*Task details*
The following data has a line with "by near: M;" and a line with "under eq_Rintegral do rewrite big_cons.". Write out exactly those lines and all the lines between them.
##### Records shown #####
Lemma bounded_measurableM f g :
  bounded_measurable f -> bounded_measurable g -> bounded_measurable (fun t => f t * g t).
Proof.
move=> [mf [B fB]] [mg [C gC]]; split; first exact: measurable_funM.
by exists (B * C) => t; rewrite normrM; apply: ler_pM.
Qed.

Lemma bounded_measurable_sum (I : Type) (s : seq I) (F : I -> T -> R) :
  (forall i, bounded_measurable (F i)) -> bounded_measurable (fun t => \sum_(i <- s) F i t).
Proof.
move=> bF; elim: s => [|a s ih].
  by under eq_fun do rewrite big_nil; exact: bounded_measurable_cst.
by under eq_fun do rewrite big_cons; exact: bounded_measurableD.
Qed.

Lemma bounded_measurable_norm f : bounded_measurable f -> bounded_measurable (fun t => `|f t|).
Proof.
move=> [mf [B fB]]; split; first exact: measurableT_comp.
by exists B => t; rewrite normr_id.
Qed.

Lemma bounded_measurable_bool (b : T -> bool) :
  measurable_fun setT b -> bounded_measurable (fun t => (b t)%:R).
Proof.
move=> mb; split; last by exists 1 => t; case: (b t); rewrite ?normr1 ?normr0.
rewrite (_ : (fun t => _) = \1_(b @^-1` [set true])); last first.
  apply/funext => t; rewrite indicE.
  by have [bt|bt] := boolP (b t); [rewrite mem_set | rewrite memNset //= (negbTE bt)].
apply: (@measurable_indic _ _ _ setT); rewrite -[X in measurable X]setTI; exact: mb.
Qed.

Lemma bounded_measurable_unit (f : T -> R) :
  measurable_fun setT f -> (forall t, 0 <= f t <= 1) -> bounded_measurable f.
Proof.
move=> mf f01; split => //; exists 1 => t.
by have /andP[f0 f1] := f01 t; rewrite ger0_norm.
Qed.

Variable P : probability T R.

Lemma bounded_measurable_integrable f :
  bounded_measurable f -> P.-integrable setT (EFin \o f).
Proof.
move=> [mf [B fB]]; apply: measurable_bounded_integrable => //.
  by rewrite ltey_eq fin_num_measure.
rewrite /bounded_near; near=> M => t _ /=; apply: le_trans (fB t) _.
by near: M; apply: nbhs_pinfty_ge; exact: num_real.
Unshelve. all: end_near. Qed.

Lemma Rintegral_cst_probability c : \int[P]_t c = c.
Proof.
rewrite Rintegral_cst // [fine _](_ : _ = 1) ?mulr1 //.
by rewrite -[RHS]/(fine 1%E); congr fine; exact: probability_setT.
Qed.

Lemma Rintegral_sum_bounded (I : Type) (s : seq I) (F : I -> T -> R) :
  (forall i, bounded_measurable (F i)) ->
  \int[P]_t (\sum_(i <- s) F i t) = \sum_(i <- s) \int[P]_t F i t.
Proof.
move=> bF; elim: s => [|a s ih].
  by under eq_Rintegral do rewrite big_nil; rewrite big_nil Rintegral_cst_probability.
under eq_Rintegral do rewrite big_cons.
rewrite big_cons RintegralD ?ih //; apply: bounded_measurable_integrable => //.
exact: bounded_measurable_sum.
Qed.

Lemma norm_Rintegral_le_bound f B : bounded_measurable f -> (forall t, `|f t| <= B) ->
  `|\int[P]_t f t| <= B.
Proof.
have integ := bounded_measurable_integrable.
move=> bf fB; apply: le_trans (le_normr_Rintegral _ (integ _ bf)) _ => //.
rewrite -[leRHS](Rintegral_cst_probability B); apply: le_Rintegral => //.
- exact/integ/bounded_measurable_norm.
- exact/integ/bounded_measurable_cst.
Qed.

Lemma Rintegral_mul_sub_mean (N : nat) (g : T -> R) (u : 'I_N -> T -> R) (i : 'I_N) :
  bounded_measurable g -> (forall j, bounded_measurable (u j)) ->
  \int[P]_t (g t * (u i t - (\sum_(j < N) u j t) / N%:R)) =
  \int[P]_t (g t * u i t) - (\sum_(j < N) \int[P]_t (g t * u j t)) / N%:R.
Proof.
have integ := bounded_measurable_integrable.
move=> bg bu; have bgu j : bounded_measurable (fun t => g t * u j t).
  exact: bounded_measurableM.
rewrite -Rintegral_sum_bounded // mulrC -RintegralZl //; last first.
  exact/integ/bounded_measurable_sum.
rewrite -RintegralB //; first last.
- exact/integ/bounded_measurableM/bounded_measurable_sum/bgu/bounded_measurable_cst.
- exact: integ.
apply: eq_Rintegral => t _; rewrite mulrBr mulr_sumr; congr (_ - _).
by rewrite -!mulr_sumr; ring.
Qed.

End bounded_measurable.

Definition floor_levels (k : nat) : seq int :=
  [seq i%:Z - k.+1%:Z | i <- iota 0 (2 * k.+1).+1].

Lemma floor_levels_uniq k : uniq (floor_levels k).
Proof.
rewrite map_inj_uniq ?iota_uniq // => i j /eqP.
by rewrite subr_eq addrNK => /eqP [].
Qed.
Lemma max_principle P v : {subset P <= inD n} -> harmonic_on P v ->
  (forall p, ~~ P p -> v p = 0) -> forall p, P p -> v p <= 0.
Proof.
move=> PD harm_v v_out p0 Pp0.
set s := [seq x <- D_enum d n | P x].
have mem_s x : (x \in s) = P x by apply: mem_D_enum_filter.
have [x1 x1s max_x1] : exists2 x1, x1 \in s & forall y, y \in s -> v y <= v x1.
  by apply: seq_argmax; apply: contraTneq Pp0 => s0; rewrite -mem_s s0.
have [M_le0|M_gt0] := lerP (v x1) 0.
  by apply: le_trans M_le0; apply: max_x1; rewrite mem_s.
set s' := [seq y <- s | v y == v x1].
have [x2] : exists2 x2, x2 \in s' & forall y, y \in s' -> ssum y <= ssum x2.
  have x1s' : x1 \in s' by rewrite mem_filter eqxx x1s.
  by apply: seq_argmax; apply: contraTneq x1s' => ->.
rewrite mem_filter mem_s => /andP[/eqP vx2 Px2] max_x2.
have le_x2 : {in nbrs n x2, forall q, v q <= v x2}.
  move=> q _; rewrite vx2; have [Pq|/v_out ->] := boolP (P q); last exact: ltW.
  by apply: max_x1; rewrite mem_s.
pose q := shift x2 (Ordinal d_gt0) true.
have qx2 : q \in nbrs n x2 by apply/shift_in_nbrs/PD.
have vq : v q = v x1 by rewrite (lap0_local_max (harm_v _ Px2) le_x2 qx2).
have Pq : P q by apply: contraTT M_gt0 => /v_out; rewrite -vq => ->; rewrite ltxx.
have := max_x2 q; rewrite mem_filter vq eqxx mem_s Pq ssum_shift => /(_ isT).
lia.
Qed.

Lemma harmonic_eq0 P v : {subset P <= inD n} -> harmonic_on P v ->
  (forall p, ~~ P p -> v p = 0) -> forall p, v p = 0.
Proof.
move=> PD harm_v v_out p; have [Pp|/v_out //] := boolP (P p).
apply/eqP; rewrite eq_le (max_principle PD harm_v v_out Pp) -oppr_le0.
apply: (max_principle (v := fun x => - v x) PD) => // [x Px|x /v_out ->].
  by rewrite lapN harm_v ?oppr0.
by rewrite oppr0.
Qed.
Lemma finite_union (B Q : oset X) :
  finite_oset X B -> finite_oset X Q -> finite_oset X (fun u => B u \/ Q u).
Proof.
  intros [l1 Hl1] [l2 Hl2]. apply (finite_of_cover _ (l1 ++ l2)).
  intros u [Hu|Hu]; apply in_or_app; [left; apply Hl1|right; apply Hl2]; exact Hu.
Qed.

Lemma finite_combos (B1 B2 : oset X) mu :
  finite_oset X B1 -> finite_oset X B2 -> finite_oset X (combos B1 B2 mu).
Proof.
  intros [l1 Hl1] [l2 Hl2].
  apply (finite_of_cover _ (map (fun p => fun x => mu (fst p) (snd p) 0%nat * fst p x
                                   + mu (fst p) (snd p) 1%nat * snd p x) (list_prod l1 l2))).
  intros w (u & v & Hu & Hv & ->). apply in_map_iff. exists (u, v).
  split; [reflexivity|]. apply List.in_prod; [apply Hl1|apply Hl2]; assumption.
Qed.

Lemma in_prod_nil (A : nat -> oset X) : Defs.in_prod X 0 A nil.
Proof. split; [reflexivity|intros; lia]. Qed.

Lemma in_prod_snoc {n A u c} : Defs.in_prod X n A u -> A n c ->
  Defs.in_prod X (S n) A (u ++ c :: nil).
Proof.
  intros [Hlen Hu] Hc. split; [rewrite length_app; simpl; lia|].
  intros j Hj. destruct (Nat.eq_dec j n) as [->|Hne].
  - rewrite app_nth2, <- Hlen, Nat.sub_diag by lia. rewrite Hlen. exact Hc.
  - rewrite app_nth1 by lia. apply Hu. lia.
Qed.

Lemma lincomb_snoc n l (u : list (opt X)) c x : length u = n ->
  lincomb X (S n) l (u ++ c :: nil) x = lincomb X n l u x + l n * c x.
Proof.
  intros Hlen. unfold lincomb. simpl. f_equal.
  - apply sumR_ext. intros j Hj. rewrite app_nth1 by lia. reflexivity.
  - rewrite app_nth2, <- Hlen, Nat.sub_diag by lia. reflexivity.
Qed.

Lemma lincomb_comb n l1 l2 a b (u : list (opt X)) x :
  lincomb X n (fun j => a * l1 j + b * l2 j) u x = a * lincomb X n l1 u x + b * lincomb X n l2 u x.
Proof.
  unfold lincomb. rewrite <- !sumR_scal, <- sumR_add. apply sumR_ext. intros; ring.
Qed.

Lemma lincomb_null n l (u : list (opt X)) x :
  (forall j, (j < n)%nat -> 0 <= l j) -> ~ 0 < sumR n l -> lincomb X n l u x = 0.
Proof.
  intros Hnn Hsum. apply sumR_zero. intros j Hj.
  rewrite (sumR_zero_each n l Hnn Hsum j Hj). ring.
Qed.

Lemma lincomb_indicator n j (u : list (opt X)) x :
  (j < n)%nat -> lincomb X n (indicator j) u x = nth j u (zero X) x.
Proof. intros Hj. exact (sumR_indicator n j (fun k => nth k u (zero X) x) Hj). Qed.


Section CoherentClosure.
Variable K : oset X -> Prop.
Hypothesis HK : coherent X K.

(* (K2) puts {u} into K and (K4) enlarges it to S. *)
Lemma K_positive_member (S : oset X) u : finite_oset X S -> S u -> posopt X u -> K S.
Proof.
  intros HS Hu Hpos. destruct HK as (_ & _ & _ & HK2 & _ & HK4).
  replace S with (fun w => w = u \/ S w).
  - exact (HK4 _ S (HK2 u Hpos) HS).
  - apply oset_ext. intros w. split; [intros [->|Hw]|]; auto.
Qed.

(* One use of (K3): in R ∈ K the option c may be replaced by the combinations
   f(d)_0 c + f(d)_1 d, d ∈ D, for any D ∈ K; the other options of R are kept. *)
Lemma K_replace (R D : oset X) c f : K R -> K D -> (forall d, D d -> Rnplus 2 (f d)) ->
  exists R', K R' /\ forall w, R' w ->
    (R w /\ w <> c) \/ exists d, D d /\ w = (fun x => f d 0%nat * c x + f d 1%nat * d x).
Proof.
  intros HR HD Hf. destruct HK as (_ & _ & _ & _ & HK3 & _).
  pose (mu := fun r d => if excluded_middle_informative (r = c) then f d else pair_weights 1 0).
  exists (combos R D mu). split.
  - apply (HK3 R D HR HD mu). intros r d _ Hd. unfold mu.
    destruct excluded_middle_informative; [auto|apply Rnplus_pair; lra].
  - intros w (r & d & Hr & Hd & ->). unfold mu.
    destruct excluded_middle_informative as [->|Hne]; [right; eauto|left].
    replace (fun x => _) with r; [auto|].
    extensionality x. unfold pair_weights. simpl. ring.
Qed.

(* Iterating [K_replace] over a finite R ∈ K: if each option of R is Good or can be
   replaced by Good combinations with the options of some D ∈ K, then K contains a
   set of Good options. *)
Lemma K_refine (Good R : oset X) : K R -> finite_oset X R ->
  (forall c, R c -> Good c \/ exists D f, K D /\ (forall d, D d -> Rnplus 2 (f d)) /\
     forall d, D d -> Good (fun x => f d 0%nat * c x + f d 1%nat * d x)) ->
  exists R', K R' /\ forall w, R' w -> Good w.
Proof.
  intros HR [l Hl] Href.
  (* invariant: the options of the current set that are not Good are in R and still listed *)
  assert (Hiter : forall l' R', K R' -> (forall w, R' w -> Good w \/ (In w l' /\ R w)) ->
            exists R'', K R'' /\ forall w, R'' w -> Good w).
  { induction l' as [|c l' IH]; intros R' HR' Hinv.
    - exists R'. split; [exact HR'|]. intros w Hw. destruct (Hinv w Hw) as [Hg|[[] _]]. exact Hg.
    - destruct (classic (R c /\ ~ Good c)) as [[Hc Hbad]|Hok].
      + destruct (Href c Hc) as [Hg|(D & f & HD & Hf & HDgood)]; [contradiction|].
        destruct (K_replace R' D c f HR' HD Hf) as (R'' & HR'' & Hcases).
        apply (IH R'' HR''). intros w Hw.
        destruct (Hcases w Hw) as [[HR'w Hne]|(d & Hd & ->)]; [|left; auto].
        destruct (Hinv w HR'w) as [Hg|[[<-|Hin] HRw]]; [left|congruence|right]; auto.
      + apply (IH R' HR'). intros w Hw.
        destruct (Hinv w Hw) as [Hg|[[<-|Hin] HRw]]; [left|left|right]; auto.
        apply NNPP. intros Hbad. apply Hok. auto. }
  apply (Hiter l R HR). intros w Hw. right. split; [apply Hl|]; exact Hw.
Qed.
#####
*Response for this exercise*
by near: M; apply: nbhs_pinfty_ge; exact: num_real.
Unshelve. all: end_near. Qed.

Lemma Rintegral_cst_probability c : \int[P]_t c = c.
Proof.
rewrite Rintegral_cst // [fine _](_ : _ = 1) ?mulr1 //.
by rewrite -[RHS]/(fine 1%E); congr fine; exact: probability_setT.
Qed.

Lemma Rintegral_sum_bounded (I : Type) (s : seq I) (F : I -> T -> R) :
  (forall i, bounded_measurable (F i)) ->
  \int[P]_t (\sum_(i <- s) F i t) = \sum_(i <- s) \int[P]_t F i t.
Proof.
move=> bF; elim: s => [|a s ih].
  by under eq_Rintegral do rewrite big_nil; rewrite big_nil Rintegral_cst_probability.
under eq_Rintegral do rewrite big_cons.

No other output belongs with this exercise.